> The point is that if you can spare RAM, ideally, you should be using all of it. In a perfect world, the programs you're running would use every byte of RAM available and then release it to new programs as they launch. We of course don't live in a perfect world, so some inefficiency (i.e. leaving RAM unused) is inevitable. Thankfully, Linux makes use of that RAM for disk caching while it waits to allocate it to a program, so it's not a total loss.

I don't know what your programming experience is but your expectations of efficiency are contrary to the basic programming principle: that a program should use only as much memory as it actually needs for completing the task and that memory usage should be optimized.
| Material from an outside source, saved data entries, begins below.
(* Let $(X,d)$ be a separable metric space, let $T\colon X\to X$ be a Borel measurable map, and let $\mu,\nu$ be $T$-invariant Borel probability measures on $X$. Let $(s_n)_{n\ge1}$ be a two-jumpy scale sequence. Define \[\phi(x,y)=\liminf_{n\to\infty} s_n\, d(T^n x,y),\qquad \psi(x,y)=\liminf_{n\to\infty} s_n\, d(T^n x,T^n y),\qquad x,y\in X.\] Then both $\phi$ and $\psi$ take values in $\{0,\infty\}$ for $\mu\times\nu$-almost every $(x,y)\in X\times X$. In particular, for every $\alpha>0$ this holds for the gauges $\phi_\alpha(x,y)=\liminf_{n} n^\alpha d(T^nx,y)$ and $\psi_\alpha(x,y)=\liminf_n n^\alpha d(T^nx,T^ny)$.
   Context: A scale sequence is a sequence $(s_n)_{n\ge1}$ of positive reals with $s_n\to\infty$. It is two-jumpy if $s_{n+1}\ge s_n$ for all sufficiently large $n$ and $\liminf_{n\to\infty} s_{2n}/s_n>1$. A measure $\mu$ is $T$-invariant if $\mu(T^{-1}B)=\mu(B)$ for all Borel sets $B$. *)

From HB Require Import structures.
From mathcomp Require Import all_boot all_order all_algebra.
From mathcomp Require Import all_classical all_reals all_analysis.
Set Implicit Arguments. Unset Strict Implicit. Unset Printing Implicit Defensive.
Import Order.TTheory GRing.Theory Num.Theory.
Local Open Scope classical_set_scope.
Local Open Scope ring_scope.

Definition is_metric (R : realType) (X : Type) (dist : X -> X -> R) : Prop :=
  [/\ (forall x y, 0 <= dist x y),
      (forall x y, dist x y = 0 <-> x = y),
      (forall x y, dist x y = dist y x) &
      (forall x y z, dist x z <= dist x y + dist y z)].

Definition metric_open (R : realType) (X : Type) (dist : X -> X -> R)
  (U : set X) : Prop :=
  forall x, U x -> exists2 r : R, 0 < r & [set y | dist x y < r] `<=` U.

Definition metric_separable (R : realType) (X : Type) (dist : X -> X -> R)
  : Prop :=
  exists D : set X, countable D /\
    forall x (e : R), 0 < e -> exists2 y, D y & dist x y < e.

Definition borel_of_metric (R : realType) (d : measure_display)
  (X : measurableType d) (dist : X -> X -> R) : Prop :=
  forall A : set X, measurable A <-> <<s metric_open dist >> A.

(* scale sequence (indices n >= 1; the value at n = 0 is irrelevant) *)
Definition scale_sequence (R : realType) (s : nat -> R) : Prop :=
  (forall n, (0 < n)%N -> 0 < s n) /\ s @ \oo --> +oo.

Definition two_jumpy (R : realType) (s : nat -> R) : Prop :=
  (\forall n \near \oo, s n <= s n.+1) /\
  (1 < limn_einf (fun n => (s (2 * n)%N / s n)%:E))%E.

Definition T_invariant (R : realType) (d : measure_display)
  (X : measurableType d) (T : X -> X) (mu : set X -> \bar R) : Prop :=
  forall B : set X, measurable B -> mu (T @^-1` B) = mu B.

Definition phi_gauge (R : realType) (X : Type) (dist : X -> X -> R)
  (T : X -> X) (s : nat -> R) (x y : X) : \bar R :=
  limn_einf (fun n => (s n * dist (iter n T x) y)%:E).

Definition psi_gauge (R : realType) (X : Type) (dist : X -> X -> R)
  (T : X -> X) (s : nat -> R) (x y : X) : \bar R :=
  limn_einf (fun n => (s n * dist (iter n T x) (iter n T y))%:E).

Definition zero_or_infty (R : realType) (v : \bar R) : Prop :=
  v = 0%E \/ v = +oo%E.

From HB Require Import structures.
From mathcomp Require Import all_boot all_order all_algebra.
From mathcomp Require Import all_classical all_reals all_analysis.
From mathcomp Require Import measurable_realfun lra zify.
Import Order.TTheory GRing.Theory Num.Theory.
Local Open Scope classical_set_scope.
Local Open Scope ring_scope.

(* Both gauges are liminfs of [s_n Z (S^n w)], where [Z (x, y) = d(x, y)] and
   [S] is the measure-preserving map [T x id] (for phi) or [T x T] (for psi)
   of [(X * X, mu \x nu)].  Suppose such a liminf is some [c] in [(0, +oo)],
   and pick a rational [a] with [c / lam < a < c], where [s_(2n) >= lam s_n]
   eventually.  Then [s_m Z (S^m w) >= a] for all large [m], so the orbit of
   [w] stays in the essentially invariant set [D] of such points, while
   [s_j Z (S^j w) < lam a] for infinitely many [j].  For such [j], doubling and
   monotonicity of [s] show that each [S^k w] with [j - j/2 <= k < j - M] lies
   in [D] but fails [s_m Z (S^m .) >= a] at some [m > M].  The orbit thus
   spends a quarter of arbitrarily long initial segments in the set
   [late_ge M] of such points, and a maximal inequality bounds the measure of
   such [w] by [4 P (late_ge M)], which tends to 0 as [M] grows. *)

Section limn_einf_eventually.
Context {R : realType}.
Local Open Scope ereal_scope.
Implicit Types (u : (\bar R)^nat) (x : \bar R).

Lemma limn_einfE u : limn_einf u = ereal_sup (range (einfs u)).
Proof.
by rewrite limn_einf_lim; apply: cvg_lim => //; exact: cvg_einfs_sup.
Qed.

Lemma lt_limn_einf_ev u x : x < limn_einf u ->
  exists N, forall m, (N <= m)%N -> x < u m.
Proof.
rewrite limn_einfE => /ereal_sup_gt [_ [n _ <-]] xn; exists n => m nm.
by apply: (lt_le_trans xn); apply: ereal_inf_lbound; exists m.
Qed.

Lemma limn_einf_lt_often u x : limn_einf u < x ->
  forall N, exists2 m, (N <= m)%N & u m < x.
Proof.
rewrite limn_einfE => ux N.
have : einfs u N < x.
  by apply: le_lt_trans ux; apply: ereal_sup_ubound; exists N.
by move=> /ereal_inf_lt [_ [m Nm <-]] umx; exists m.
Qed.

Lemma le_limn_einf_ev u x N : (forall m, (N <= m)%N -> x <= u m) ->
  x <= limn_einf u.
Proof.
move=> xu; rewrite limn_einfE; apply: (@le_trans _ _ (einfs u N)).
  by apply/ereal_infP => _ [m Nm <-]; exact: xu.
by apply: ereal_sup_ubound; exists N.
Qed.

End limn_einf_eventually.

Lemma nat_ratio_between {R : realType} (c lam : R) : 0 < c -> 1 < lam ->
  exists p q : nat, c / lam < p.+1%:R / q.+1%:R < c.
Proof.
move=> c0 lam1; have lam0 : 0 < lam := lt_trans ltr01 lam1.
have gap : 0 < c - c / lam.
  by rewrite subr_gt0 ltr_pdivrMr // -{1}(mulr1 c) ltr_pM2l.
have [q qgap] : exists q : nat, (c - c / lam)^-1 < q.+1%:R.
  by exists (Num.truncn (c - c / lam)^-1); exact: truncnS_gt.
have x0 : 0 <= q.+1%:R * (c / lam) by rewrite mulr_ge0 // divr_ge0 // ltW.
have /andP[px xp] := truncn_itv x0.
set p := Num.truncn _ in px xp; exists p, q; apply/andP; split.
  by rewrite ltr_pdivlMr // mulrC.
have q1 : 1 < q.+1%:R * (c - c / lam) by rewrite -ltr_pdivrMr // mul1r.
have p1 : p.+1%:R <= q.+1%:R * (c / lam) + 1 by rewrite -natr1 lerD2r.
rewrite ltr_pdivrMr // (mulrC c); rewrite mulrBr in q1; lra.
Qed.

Lemma two_jumpy_doubling {R : realType} (s : nat -> R) :
  scale_sequence s -> two_jumpy s ->
  exists lam N0, 1 < lam /\ forall n, (N0 <= n)%N ->
    [/\ 0 < s n, s n <= s n.+1 & lam * s n <= s (2 * n)].
Proof.
move=> [s0 _] [[N1 _ sN1] jump].
have [lam [lam1 lamj]] : exists lam : R, 1 < lam /\
    (lam%:E < limn_einf (fun n => (s (2 * n)%N / s n)%:E))%E.
  move: jump; case: (limn_einf _) => [r||] //.
  - by rewrite lte_fin => r1; exists ((1 + r) / 2); rewrite lte_fin; lra.
  - by move=> _; exists 2; split; [lra|exact: ltry].
have [N2 sN2] := lt_limn_einf_ev _ _ lamj.
exists lam, (maxn (maxn N1 N2) 1); split => // n n_ge.
have sn0 : 0 < s n by apply: s0; lia.
split => //; first by apply: sN1 => /=; lia.
by have := sN2 n ltac:(lia); rewrite lte_fin ltr_pdivlMr // => /ltW.
Qed.
(* Suppose Assumption 1 holds and every $d^k$ satisfies the $\eta$-inexactness condition for a fixed $\eta\in[0,1)$ ($f$ need not be convex). For $t\ge0$ let $G_t\coloneqq\arg\min_dQ^{x^t}_I(d)$ (the minimizer with $H=I$). For Algorithm 1, if $\sigma I\preceq H_k\preceq MI$ for all $k$ with $M\ge\sigma>0$, then for all $k\ge0$ $$\min_{0\le t\le k}\|G_t\|^2\le\frac{F(x^0)-F^*}{\gamma(k+1)}\cdot\frac{M^2\left(1+\frac1\sigma+\sqrt{1-\frac2M+\frac1{\sigma^2}}\right)^2}{2(1-\eta)\sigma\min_{0\le t\le k}\alpha_t}$$ $$\le\frac{F(x^0)-F^*}{\gamma(k+1)}\cdot\frac{M^2\left(1+\frac1\sigma+\sqrt{1-\frac2M+\frac1{\sigma^2}}\right)^2}{2\sigma}\max\left\{\frac1{1-\eta},\ \frac{L}{2(1-\sqrt\eta)(1-\gamma)\sigma\beta}\right\}.$$ For Algorithm 2, if the initial matrices satisfy $m_0I\preceq H^0_k\preceq M_0I$ with $M_0\ge m_0>0$ for all $k$, then for Variant 1 $$\min_{0\le t\le k}\|G_t\|^2\le\frac{F(x^0)-F^*}{\gamma(k+1)}\cdot\frac{\tilde M_1(\eta)^2\left(1+\frac1{m_0}+\sqrt{1-\frac2{\tilde M_1(\eta)}+\frac1{m_0^2}}\right)^2}{2(1-\eta)m_0},$$ and for Variant 2 the same bound holds with $\tilde M_1(\eta)$ replaced by $\tilde M_2(\eta)$.
   Context: Problem setting: $F(x)=f(x)+\psi(x)$ on $\mathbb{R}^n$, $F^*=\inf F$. Assumption 1: $f$ is differentiable with $L$-Lipschitz continuous gradient ($L>0$); $\psi:\mathbb{R}^n\to\mathbb{R}\cup\{+\infty\}$ is convex, proper and closed; $F$ is bounded below; the solution set $\Omega=\{x:F(x)=F^*\}$ is nonempty. For $x\in\mathbb{R}^n$ and symmetric $H$, $Q^x_H(d)\coloneqq\nabla f(x)^Td+\frac12d^THd+\psi(x+d)-\psi(x)$, $Q^*=\inf_dQ^x_H(d)$; $d$ satisfies the $\eta$-inexactness condition if $Q^x_H(d)\le(1-\eta)Q^*$. Algorithm 1: given $\beta,\gamma\in(0,1)$, $x^0$, fixed $\eta\in[0,1)$; for $k=0,1,\dots$: choose symmetric $H_k$ with $Q_k\coloneqq Q^{x^k}_{H_k}$ strongly convex; compute $d^k$ satisfying the $\eta$-inexactness condition for $Q_k$; let $\Delta_k=\nabla f(x^k)^Td^k+\psi(x^k+d^k)-\psi(x^k)$; let $\alpha_k=\beta^i$ for the smallest nonnegative integer $i$ with $F(x^k+\alpha_kd^k)\le F(x^k)+\alpha_k\gamma\Delta_k$; set $x^{k+1}=x^k+\alpha_kd^k$. Algorithm 2: given $\beta\in(0,1)$, $\gamma\in(0,1]$, $x^0$, fixed $\eta\in[0,1)$; for each $k$: choose symmetric $H^0_k$ (in Variant 1, $H^0_k\succ0$); set $\alpha_k\leftarrow1$, $H_k\leftarrow H^0_k$, compute $d^k$ satisfying the $\eta$-inexactness condition for $Q^{x^k}_{H_k}$; while $F(x^k)-F(x^k+d^k)\ge-\gamma Q^{x^k}_{H_k}(d^k)\ge0$ fails: Variant 1 sets $\alpha_k\leftarrow\beta\alpha_k$, $H_k\leftarrow H^0_k/\alpha_k$; Variant 2 sets $H_k\leftarrow H^0_k+\alpha_k^{-1}I$, then $\alpha_k\leftarrow\beta\alpha_k$; then $d^k$ is recomputed satisfying the $\eta$-inexactness condition. Finally $x^{k+1}=x^k+d^k$; ''final $H_k$'' is the accepted matrix. Constants: $\tilde M_2(\eta)\coloneqq M_0+\max\{1,\frac1\beta(\frac{L(1+\sqrt\eta)}{2-\gamma(1-\sqrt\eta)}-m_0)\}$, $\tilde M_1(\eta)\coloneqq M_0\max\{1,\frac{L(1+\sqrt\eta)}{\beta(2-\gamma(1-\sqrt\eta))m_0}\}$. *)

From Stdlib Require Import Reals Lra Lia.
From Stdlib Require Fin.
Open Scope R_scope.

Definition V (n : nat) := Fin.t n -> R.
Definition Mat (n : nat) := Fin.t n -> Fin.t n -> R.

Fixpoint fsum (n : nat) : (Fin.t n -> R) -> R :=
  match n with
  | O => fun _ => 0
  | S m => fun g => g (@Fin.F1 m) + fsum m (fun i => g (Fin.FS i))
  end.

Definition vadd {n} (x y : V n) : V n := fun i => x i + y i.
Definition vsub {n} (x y : V n) : V n := fun i => x i - y i.
Definition vscale {n} (a : R) (x : V n) : V n := fun i => a * x i.
Definition dot {n} (x y : V n) : R := fsum n (fun i => x i * y i).
Definition vnorm {n} (x : V n) : R := sqrt (dot x x).

Definition mv {n} (A : Mat n) (x : V n) : V n := fun i => fsum n (fun j => A i j * x j).
Definition quad {n} (A : Mat n) (d : V n) : R := dot d (mv A d).
Definition Iden (n : nat) : Mat n := fun i j => if Fin.eq_dec i j then 1 else 0.
Definition madd {n} (A B : Mat n) : Mat n := fun i j => A i j + B i j.
Definition mscale {n} (a : R) (A : Mat n) : Mat n := fun i j => a * A i j.
Definition symmetric {n} (A : Mat n) : Prop := forall i j, A i j = A j i.
Definition loewner_between {n} (lo hi : R) (A : Mat n) : Prop :=
  forall d : V n, lo * dot d d <= quad A d /\ quad A d <= hi * dot d d.

Definition has_gradient {n} (f : V n -> R) (gf : V n -> V n) : Prop :=
  forall x eps, 0 < eps -> exists delta, 0 < delta /\
    forall h : V n, vnorm h < delta ->
      Rabs (f (vadd x h) - f x - dot (gf x) h) <= eps * vnorm h.

Definition lipschitz_grad {n} (gf : V n -> V n) (L : R) : Prop :=
  forall x y : V n, vnorm (vsub (gf x) (gf y)) <= L * vnorm (vsub x y).

(* psi : R^n -> R U {+oo} is represented by its effective domain dom and its
   finite values psi on dom (psi = +oo outside dom). *)
Definition ext_proper {n} (dom : V n -> Prop) : Prop := exists x, dom x.

Definition ext_convex {n} (dom : V n -> Prop) (psi : V n -> R) : Prop :=
  forall x y t, dom x -> dom y -> 0 <= t <= 1 ->
    dom (vadd (vscale t x) (vscale (1 - t) y)) /\
    psi (vadd (vscale t x) (vscale (1 - t) y)) <= t * psi x + (1 - t) * psi y.

(* closed = closed epigraph {(x,c) | x in dom, psi x <= c} *)
Definition ext_closed {n} (dom : V n -> Prop) (psi : V n -> R) : Prop :=
  forall (u : nat -> V n) (c : nat -> R) (u0 : V n) (c0 : R),
    (forall k, dom (u k) /\ psi (u k) <= c k) ->
    Un_cv (fun k => vnorm (vsub (u k) u0)) 0 ->
    Un_cv c c0 ->
    dom u0 /\ psi u0 <= c0.

Definition Fval {n} (f psi : V n -> R) (x : V n) : R := f x + psi x.

Definition assumption1 {n} (f : V n -> R) (gf : V n -> V n) (L : R)
  (dom : V n -> Prop) (psi : V n -> R) (Fstar : R) : Prop :=
  has_gradient f gf /\ 0 < L /\ lipschitz_grad gf L /\
  ext_proper dom /\ ext_convex dom psi /\ ext_closed dom psi /\
  (forall x, dom x -> Fstar <= Fval f psi x) /\
  (exists x, dom x /\ Fval f psi x = Fstar).

(* Q^x_H(d), valid when x, x+d in dom *)
Definition Qval {n} (gf : V n -> V n) (psi : V n -> R) (x : V n) (H : Mat n) (d : V n) : R :=
  dot (gf x) d + / 2 * quad H d + psi (vadd x d) - psi x.

Definition is_Qinf {n} (dom : V n -> Prop) (gf : V n -> V n) (psi : V n -> R)
  (x : V n) (H : Mat n) (q : R) : Prop :=
  (forall d, dom (vadd x d) -> q <= Qval gf psi x H d) /\
  (forall q', (forall d, dom (vadd x d) -> q' <= Qval gf psi x H d) -> q' <= q).

Definition inexact {n} (dom : V n -> Prop) (gf : V n -> V n) (psi : V n -> R)
  (x : V n) (H : Mat n) (eta : R) (d : V n) : Prop :=
  dom (vadd x d) /\
  exists q, is_Qinf dom gf psi x H q /\ Qval gf psi x H d <= (1 - eta) * q.

Definition is_argmin_QI {n} (dom : V n -> Prop) (gf : V n -> V n) (psi : V n -> R)
  (x G : V n) : Prop :=
  dom (vadd x G) /\
  forall d, dom (vadd x d) -> Qval gf psi x (Iden n) G <= Qval gf psi x (Iden n) d.
(* Let $\mathcal{T}_1=(V,\mathsf{p}_1)$ and $\mathcal{T}_2=(V,\mathsf{p}_2)$ be directed forests such that $\mathcal{T}_1$ is thinner than $\mathcal{T}_2$. Then: (a) $\mathrm{Chi}^{\langle k\rangle}_{\mathcal{T}_1}(v)\subseteq\mathrm{Chi}^{\langle k\rangle}_{\mathcal{T}_2}(v)$ for all $v\in V$ and $k\in\mathbb{N}$; (b) $\mathrm{root}(\mathcal{T}_1)\supseteq\mathrm{root}(\mathcal{T}_2)$; (c) every tree in $\mathcal{T}_1$ is contained in some tree in $\mathcal{T}_2$; in particular, the number of trees in $\mathcal{T}_2$ is less than or equal to the number of trees in $\mathcal{T}_1$; (d) every tree in $\mathcal{T}_2$ contains exactly one tree of $\mathcal{T}_1$ if and only if $\mathcal{T}_1=\mathcal{T}_2$; in particular, a directed forest strictly thinner than a directed tree is never a directed tree.
   Context: A directed forest is a pair $\mathcal{T}=(V,\mathsf{p})$ where $V$ is a nonempty set and $\mathsf{p}\colon V\to V$ satisfies: if $n\in\mathbb{N}$, $v\in V$ and $\mathsf{p}^n(v)=v$, then $\mathsf{p}(v)=v$. Roots: $\mathrm{root}(\mathcal{T})=\{v:\mathsf{p}(v)=v\}$. For $k\in\mathbb{N}$, the $k$-th children of $v$ are $\mathrm{Chi}^{\langle k\rangle}_{\mathcal{T}}(v)=\{u\in V:\mathsf{p}^k(u)=v\neq\mathsf{p}^{k-1}(u)\}$ (with $\mathsf{p}^0=\mathrm{id}_V$). The trees of $\mathcal{T}$ are the connected components of the graph on $V$ with edges $\{\mathsf{p}(u),u\}$ for $u\notin\mathrm{root}(\mathcal{T})$ (equivalently, classes of $u\sim w$ iff $\mathsf{p}^m(u)=\mathsf{p}^n(w)$ for some $m,n\ge0$); a directed tree is a directed forest with exactly one tree. $\mathcal{T}_1$ is thinner than $\mathcal{T}_2$ if $\mathsf{p}_1(v)\in\{v,\mathsf{p}_2(v)\}$ for all $v\in V$; ''strictly thinner'' means thinner and different. *)

From mathcomp Require Import all_boot.
From mathcomp Require Import boolp classical_sets functions cardinality.
Set Implicit Arguments. Unset Strict Implicit. Unset Printing Implicit Defensive.
Local Open Scope classical_set_scope.

(* Here ℕ = {1,2,...}: the paper's condition with n = 0 would be vacuous-breaking. *)
Definition directed_forest (V : Type) (p : V -> V) : Prop :=
  inhabited V /\ (forall (n : nat) (v : V), (0 < n)%N -> iter n p v = v -> p v = v).

Definition root_of (V : Type) (p : V -> V) : set V := [set v | p v = v].

Definition Chi (V : Type) (p : V -> V) (k : nat) (v : V) : set V :=
  [set u | iter k p u = v /\ v <> iter k.-1 p u].

Definition same_tree (V : Type) (p : V -> V) (u w : V) : Prop :=
  exists m n : nat, iter m p u = iter n p w.

Definition trees (V : Type) (p : V -> V) : set (set V) :=
  [set A | exists v : V, A = [set u | same_tree p v u]].

Definition directed_tree (V : Type) (p : V -> V) : Prop :=
  directed_forest p /\ exists! A : set V, trees p A.

Definition thinner (V : Type) (p1 p2 : V -> V) : Prop :=
  forall v : V, p1 v = v \/ p1 v = p2 v.

From mathcomp Require Import all_boot.
From mathcomp Require Import boolp classical_sets functions cardinality.
Local Open Scope classical_set_scope.

(* Each p1-step is either a p2-step or a halt, so iterating p1 from a vertex
   stays on its p2-path and agrees with iterating p2 until it halts.  Hence
   p1-trees refine p2-trees and k-th children are preserved.  If p1 <> p2, pick v with p1 v = v <> p2 v: then v and p2 v lie
   in different p1-trees, since otherwise v would lie on a p2-cycle through
   p2 v and would be a p2-root; so the p2-tree of v contains two p1-trees. *)

Definition tree_of {V : Type} (p : V -> V) (v : V) : set V :=
  [set u | same_tree p v u].

Section SameTree.
Local Set Implicit Arguments.
Local Unset Strict Implicit.
Variables (V : Type) (p : V -> V).

Lemma same_tree_refl u : same_tree p u u.
Proof. by exists 0, 0. Qed.

Lemma same_tree_sym u w : same_tree p u w -> same_tree p w u.
Proof. by move=> [m [n e]]; exists n, m. Qed.

Lemma same_tree_trans u v w :
  same_tree p u v -> same_tree p v w -> same_tree p u w.
Proof.
move=> [a [b e1]] [c [d e2]]; exists (c + a), (b + d).
by rewrite !iterD e1 -e2 -!iterD addnC.
Qed.

Lemma same_tree_step v : same_tree p v (p v).
Proof. by exists 1, 0. Qed.

Lemma tree_of_eq v w : same_tree p v w -> tree_of p v = tree_of p w.
Proof.
move=> vw; apply/seteqP; split=> u /= h.
  exact: same_tree_trans (same_tree_sym vw) h.
exact: same_tree_trans vw h.
Qed.

Lemma tree_of_inj v w : tree_of p v = tree_of p w -> same_tree p v w.
Proof. by move=> E; have : tree_of p w w := same_tree_refl w; rewrite -E. Qed.

Lemma trees_tree_of v : trees p (tree_of p v).
Proof. by exists v. Qed.

Lemma trees_unique_subtree B :
  trees p B -> exists! A, trees p A /\ A `<=` B.
Proof.
move=> [v ->]; exists (tree_of p v); split; first by split; [exists v|].
move=> _ [[w ->] sub]; apply: tree_of_eq.
exact/sub/same_tree_refl.
Qed.

Lemma iter_fixed_after u j n :
  (j <= n)%N -> p (iter j p u) = iter j p u -> iter n p u = iter j p u.
Proof. by move=> /subnK <- fx; rewrite iterD iter_fix. Qed.

End SameTree.

Section Thinner.
Local Set Implicit Arguments.
Local Unset Strict Implicit.
Variables (V : Type) (p1 p2 : V -> V).
Hypothesis thin : thinner p1 p2.

Lemma thinner_iter m x : exists j, iter m p1 x = iter j p2 x.
Proof.
elim: m => [|m [j e]]; first by exists 0.
rewrite iterS e; case: (thin (iter j p2 x)) => ->; first by exists j.
by exists j.+1.
Qed.

Lemma thinner_same_tree u w : same_tree p1 u w -> same_tree p2 u w.
Proof.
move=> [m [n e]].
have [a ea] := thinner_iter m u; have [b eb] := thinner_iter n w.
by exists a, b; rewrite -ea -eb.
Qed.

Lemma thinner_tree_of v : tree_of p1 v `<=` tree_of p2 v.
Proof. by move=> u; apply: thinner_same_tree. Qed.

Lemma thinner_root : root_of p2 `<=` root_of p1.
Proof. by move=> v; rewrite /root_of /= => p2v; case: (thin v) => ->. Qed.

Lemma thinner_iter_unfixed u k :
  (forall j, (j < k)%N -> p1 (iter j p1 u) <> iter j p1 u) ->
  iter k p1 u = iter k p2 u.
Proof.
elim: k => [|k IH] // unfixed.
have IHk : iter k p1 u = iter k p2 u by apply: IH => j /ltnW; apply: unfixed.
rewrite !iterS IHk; case: (thin (iter k p2 u)) => // fx.
by case: (unfixed k (ltnSn k)); rewrite IHk.
Qed.

Lemma thinner_Chi v k : (0 < k)%N -> Chi p1 k v `<=` Chi p2 k v.
Proof.
move=> k_gt0 u [uv vu].
have unfixed j : (j < k)%N -> p1 (iter j p1 u) <> iter j p1 u.
  move=> jk fx; apply: vu.
  have jk' : (j <= k.-1)%N by rewrite -ltnS prednK.
  by rewrite -uv (iter_fixed_after (ltnW jk) fx) (iter_fixed_after jk' fx).
have agree n : (n <= k)%N -> iter n p1 u = iter n p2 u.
  by move=> nk; apply: thinner_iter_unfixed => j jn; apply/unfixed/(leq_trans jn nk).
by split; rewrite -agree ?leq_pred.
Qed.

Lemma thinner_trees A : trees p1 A -> exists2 B, trees p2 B & A `<=` B.
Proof. by move=> [v ->]; exists (tree_of p2 v); [exists v | apply: thinner_tree_of]. Qed.

Lemma bigcup_thinner_tree_of v :
  \bigcup_(a in tree_of p1 v) tree_of p2 a = tree_of p2 v.
Proof.
apply/seteqP; split=> [u [a va au]|u vu]; last by exists v => //; apply: same_tree_refl.
by rewrite (tree_of_eq (thinner_same_tree va)).
Qed.

Lemma thinner_card_trees : (trees p2 #<= trees p1)%card.
Proof.
apply: card_le_trans (card_image_le (fun A => \bigcup_(a in A) tree_of p2 a) _).
apply: subset_card_le => _ [v ->]; exists (tree_of p1 v); first exact: trees_tree_of.
exact: bigcup_thinner_tree_of.
Qed.

Hypothesis forest2 : directed_forest p2.

Lemma thinner_split_tree v : p1 v <> p2 v -> ~ same_tree p1 v (p2 v).
Proof.
have [p1v|->] := thin v => // p2v [m [n e]].
have [j ej] := thinner_iter n (p2 v).
have cyc : iter j.+1 p2 v = v by rewrite iterSr -ej -e iter_fix.
by apply: p2v; rewrite p1v; apply/esym/(forest2.2 j.+1).
Qed.

Lemma thinner_neq_two_trees :
  p1 <> p2 -> exists v, tree_of p1 v <> tree_of p1 (p2 v).
Proof.
move=> neq12; have [v neq] : exists v, p1 v <> p2 v.
  by apply/existsNP => eq12; apply/neq12/funext.
by exists v => E; apply/(thinner_split_tree neq)/tree_of_inj.
Qed.

Lemma thinner_unique_subtree_eq :
  (forall B, trees p2 B -> exists! A, trees p1 A /\ A `<=` B) -> p1 = p2.
Proof.
move=> uniq; apply: contrapT => /thinner_neq_two_trees [v]; apply.
have [A [_ uA]] := uniq _ (trees_tree_of p2 v).
rewrite -(uA (tree_of p1 v)); last by split; [exact: trees_tree_of | exact: thinner_tree_of].
apply: uA; split; first exact: trees_tree_of.
by rewrite (tree_of_eq (same_tree_step p2 v)); apply: thinner_tree_of.
Qed.

Lemma thinner_not_tree : p1 <> p2 -> ~ directed_tree p1.
Proof.
move=> /thinner_neq_two_trees [v neq] [_ [A [_ uA]]]; apply: neq.
by rewrite -(uA _ (trees_tree_of p1 v)) (uA _ (trees_tree_of p1 (p2 v))).
Qed.

End Thinner.

Theorem lemma3p6 (V : Type) (p1 p2 : V -> V) :
  directed_forest p1 -> directed_forest p2 -> thinner p1 p2 ->
  (* (a) *)
  (forall (v : V) (k : nat), (0 < k)%N -> Chi p1 k v `<=` Chi p2 k v) /\
  (* (b) *)
  (root_of p2 `<=` root_of p1) /\
  (* (c) *)
  ((forall A, trees p1 A -> exists2 B, trees p2 B & A `<=` B) /\
   (trees p2 #<= trees p1)%card) /\
  (* (d) *)
  (((forall B, trees p2 B -> exists! A, trees p1 A /\ A `<=` B) <-> p1 = p2) /\
   (directed_tree p2 -> p1 <> p2 -> ~ directed_tree p1)).
Proof.
move=> _ forest2 thin.
split; first exact: thinner_Chi.
split; first exact: thinner_root.
split; first by split; [exact: thinner_trees | exact: thinner_card_trees].
split; last by move=> _; apply: thinner_not_tree.
split; first exact: thinner_unique_subtree_eq.
by move=> <-; apply: trees_unique_subtree.
Qed.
Occupying as much RAM as possible just because there is free RAM is meaningless. You seem to assume that just because RAM is faster than HDD we should fill up every single bit of it. That is just as incorrect as saying that you must always use all CPU registers even if a simple assembler operation (like MOV AX,BX) requires only 2 registers. Of course it is much faster to use CPU registers than RAM but efficiency in programming is the art of optimizing resource usage, not of wasting resources.

Further: RAM's speed is not infinite and RAM access is sequential. If a program has to manipulate huge memory blocks that will surely be slower. The Linux kernel can be tuned to work in direction of keeping more memory free (swapping more aggressively) or to keep cache in RAM for longer.

https://www.suse.com/documentation/opensuse114/book_tuning/data/cha_tuning_memory_vm.html

Obviously on a system with less RAM (e.g. 2GB) you would want to have more free memory at all times for the reasons I explained earlier. On a system with more memory (e.g. 16GB) you can keep more data cached in RAM but that doesn't mean that programs should simply occupy lots or all because there is plenty of it and/or because RAM is faster than HDD.

> RAM doesn't "fragment" in any meaningful way. It's random-access.

RAM does fragment. Being random access has nothing to do with fragmentation. It is more time consuming to manage scattered memory blocks and thousand of pointers than reading a whole block at once. Each reading and writing to memory takes CPU cycles, so the less memory you use, the faster your program will be. So it is not that your whole 16GB of RAM are available at a single CPU cycle. Computers are discrete systems and although some resources can be paralleled, each discrete system works sequentially and the frequency matters (that's why there are people who do overclocking etc).

So back to what lightweight means: Usually that implies low resource usage, not exhausting every single bit of the system (which creates a heavy weight for the system).